These are the key concepts you need to understand to accurately answer the question.

Horizontal Tangent
In calculus, when we talk about horizontal tangents, we're looking for points on a curve where the slope is zero. This usually means the derivative of the function equals zero at these points.
Finding horizontal tangents is essential in calculus because it often helps in understanding the behavior of a function, indicating maximums, minimums, or flat spots on the graph.
  • A horizontal tangent implies the tangent line is perfectly flat at that point.
  • The slope, or rate of change, of the curve at that point is zero.

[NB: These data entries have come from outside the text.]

(* Welfare W(p,F) = E[S] + E[(B - S) 1_{B > p >= S}] with (B,S) ~ P (x) P,
   B the first coordinate, S the second (i.i.d.). *)
Definition welfare (R : realType) (P : probability R R) (p : R) : R :=
  mean P +
  Rintegral (P \x P)%E [set z : R * R | p < z.1 /\ z.2 <= p]
            (fun z => z.1 - z.2).

From HB Require Import structures.
From mathcomp Require Import all_boot all_order all_algebra.
From mathcomp Require Import all_classical all_reals all_analysis.
From mathcomp Require Import measurable_realfun ring lra.
Import Order.TTheory GRing.Theory Num.Theory.
Import numFieldNormedType.Exports.
Local Open Scope classical_set_scope.
Local Open Scope ring_scope.

(* Let X ~ P have mean mu and, for a price p, define the excess
     excess p = E[(X - mu) 1_{X > p}].
   1. Since B and S are independent with law P, Fubini separates
        E[(B - S) 1_{B > p >= S}] = E[B 1_{B>p}] P(S<=p) - P(B>p) E[S 1_{S<=p}],
      and with P(X<=p) = 1 - P(X>p), E[X 1_{X<=p}] = mu - E[X 1_{X>p}] this
      is excess p; hence W(p) = mu + excess p  (welfare_excess).
   2. For p < q, excess p - excess q = E[(X - mu) 1_{p < X <= q}], whose
      integrand is <= 0 when q <= mu and >= 0 when mu <= p: the excess grows
      up to mu and decreases afterwards, so mu maximizes W  (excess_le_mean).
   3. A positive derivative of the cdf near mu makes it strictly increasing
      there, so slabs ]r, r'] close to mu but away from it carry positive
      mass and a strictly signed integrand: excess p < excess mu for p <> mu.
   The general measure-theoretic facts come first, then the excess and its
   monotonicity, and corollary5 is assembled at the end. *)

Lemma derive1_gt0_ball_incr {R : realType} {f : R -> R} {a e : R} :
  (forall x, `|x - a| < e -> derivable f x 1 /\ 0 < derive1 f x) ->
  forall x y, a - e < x -> x < y -> y < a + e -> f x < f y.
Proof.
move=> Hd x y ex xy ye.
have inball z : z \in `]a - e, a + e[ -> `|z - a| < e.
  by rewrite in_itv /= ltr_norml => /andP[? ?]; apply/andP; split; lra.
apply: (@gtr0_derive1_lt _ f (a - e) (a + e) _ _ false true) => //.
- by move=> z /inball /Hd[].
- by move=> z /inball /Hd[].
- by apply: derivable_within_continuous => z /inball /Hd[].
- by rewrite in_itv /= ex; lra.
- by rewrite in_itv /= ye; lra.
Qed.

Section Welfare.
Context {R : realType} (P : probability R R).

Lemma integral_RintegralE (f : R -> R) : P.-integrable setT (EFin \o f) ->
  (\int[P]_x (f x)%:E)%E = (Rintegral P setT f)%:E.
Proof. by move=> intf; rewrite /Rintegral fineK //; exact: integrable_fin_num. Qed.

Lemma integrable_prod_separable {a b : R -> R} :
  P.-integrable setT (EFin \o a) -> P.-integrable setT (EFin \o b) ->
  (P \x P)%E.-integrable setT (EFin \o (fun z : R * R => a z.1 * b z.2)).
Proof.
move=> inta intb.
have ma : measurable_fun setT a by apply/measurable_EFinP; exact: measurable_int inta.
have mb : measurable_fun setT b by apply/measurable_EFinP; exact: measurable_int intb.
have mab : measurable_fun setT (EFin \o (fun z : R * R => a z.1 * b z.2)).
  apply/measurable_EFinP; apply: measurable_funM.
  - exact: measurableT_comp ma measurable_fst.
  - exact: measurableT_comp mb measurable_snd.
apply/(@integrable12ltyP _ _ _ _ _ P P _ mab).
have /integrableP[_ finA] := inta; have /integrableP[_ finB] := intb.
have mnb : measurable_fun setT (fun y => `|(b y)%:E|)%E.
  by apply: measurableT_comp => //; exact/measurable_EFinP.
have mna : measurable_fun setT (fun y => `|(a y)%:E|)%E.
  by apply: measurableT_comp => //; exact/measurable_EFinP.
rewrite (eq_integral (fun x => `|(a x)%:E| * \int[P]_y `|(b y)%:E|)%E); last first.
  move=> x _ /=; under eq_integral do rewrite normrM EFinM.
  by rewrite ge0_integralZl_EFin.
rewrite ge0_integralZr //; last exact: integral_ge0.
by apply: lte_mul_pinfty => //; rewrite ?ge0_fin_numE //; exact: integral_ge0.
Qed.

Lemma Rintegral_prod_separable {a b : R -> R} :
  P.-integrable setT (EFin \o a) -> P.-integrable setT (EFin \o b) ->
  Rintegral (P \x P)%E setT (fun z : R * R => a z.1 * b z.2) =
  Rintegral P setT a * Rintegral P setT b.
Proof.
move=> inta intb.
rewrite /Rintegral -(@integral12_prod_meas1 _ _ _ _ _ P P) //;
  last exact: integrable_prod_separable.
rewrite (eq_integral (fun x => (a x)%:E * (Rintegral P setT b)%:E))%E; last first.
  move=> x _; rewrite /fubini_F /=; under eq_integral do rewrite EFinM.
  by rewrite integralZl // integral_RintegralE.
by rewrite integralZr // integral_RintegralE.
Qed.

Lemma integrable_patch (f : R -> R) (D : set R) : measurable D ->
  P.-integrable setT (EFin \o f) -> P.-integrable setT (EFin \o (f \_ D)).
Proof.
move=> mD intf; rewrite -restrict_EFin; apply: (integrable_mkcond _ mD).1.
exact: integrableS measurableT mD (@subsetT _ D) intf.
Qed.

Lemma integrable_cst {D : set R} (c : R) : measurable D ->
  P.-integrable D (EFin \o (fun _ : R => c)).
Proof. by move=> mD; exact: finite_measure_integrable_cst. Qed.

Definition above (p : R) := `]p, +oo[%classic.
Definition below (p : R) := `]-oo, p]%classic.
Definition slab (p q : R) := `]p, q]%classic.

Lemma measurable_above p : measurable (above p). Proof. exact: measurable_itv. Qed.
Lemma measurable_below p : measurable (below p). Proof. exact: measurable_itv. Qed.
Lemma measurable_slab p q : measurable (slab p q). Proof. exact: measurable_itv. Qed.
Local Hint Resolve measurable_above measurable_below measurable_slab : core.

In the given problem, our task was to determine the x-values where the function has a horizontal tangent. We did this by finding where the derivative of the function equaled zero. Thus, calculating the derivative and solving the resulting equation was crucial in locating these points.
Trigonometric Functions
Trigonometric functions like sine, cosine, and tangent play a significant role in calculus. They help describe oscillating or wave-like behaviors, which are common in many natural and engineered systems.
When dealing with trigonometric functions, it's important to remember their periodic nature. This means they repeat their values over specific intervals. For example, sine and cosine have cycles of \(2\pi\), while tangent has a cycle of \(\pi\).
  • Each trig function has specific properties and graphs that make their behavior predictable.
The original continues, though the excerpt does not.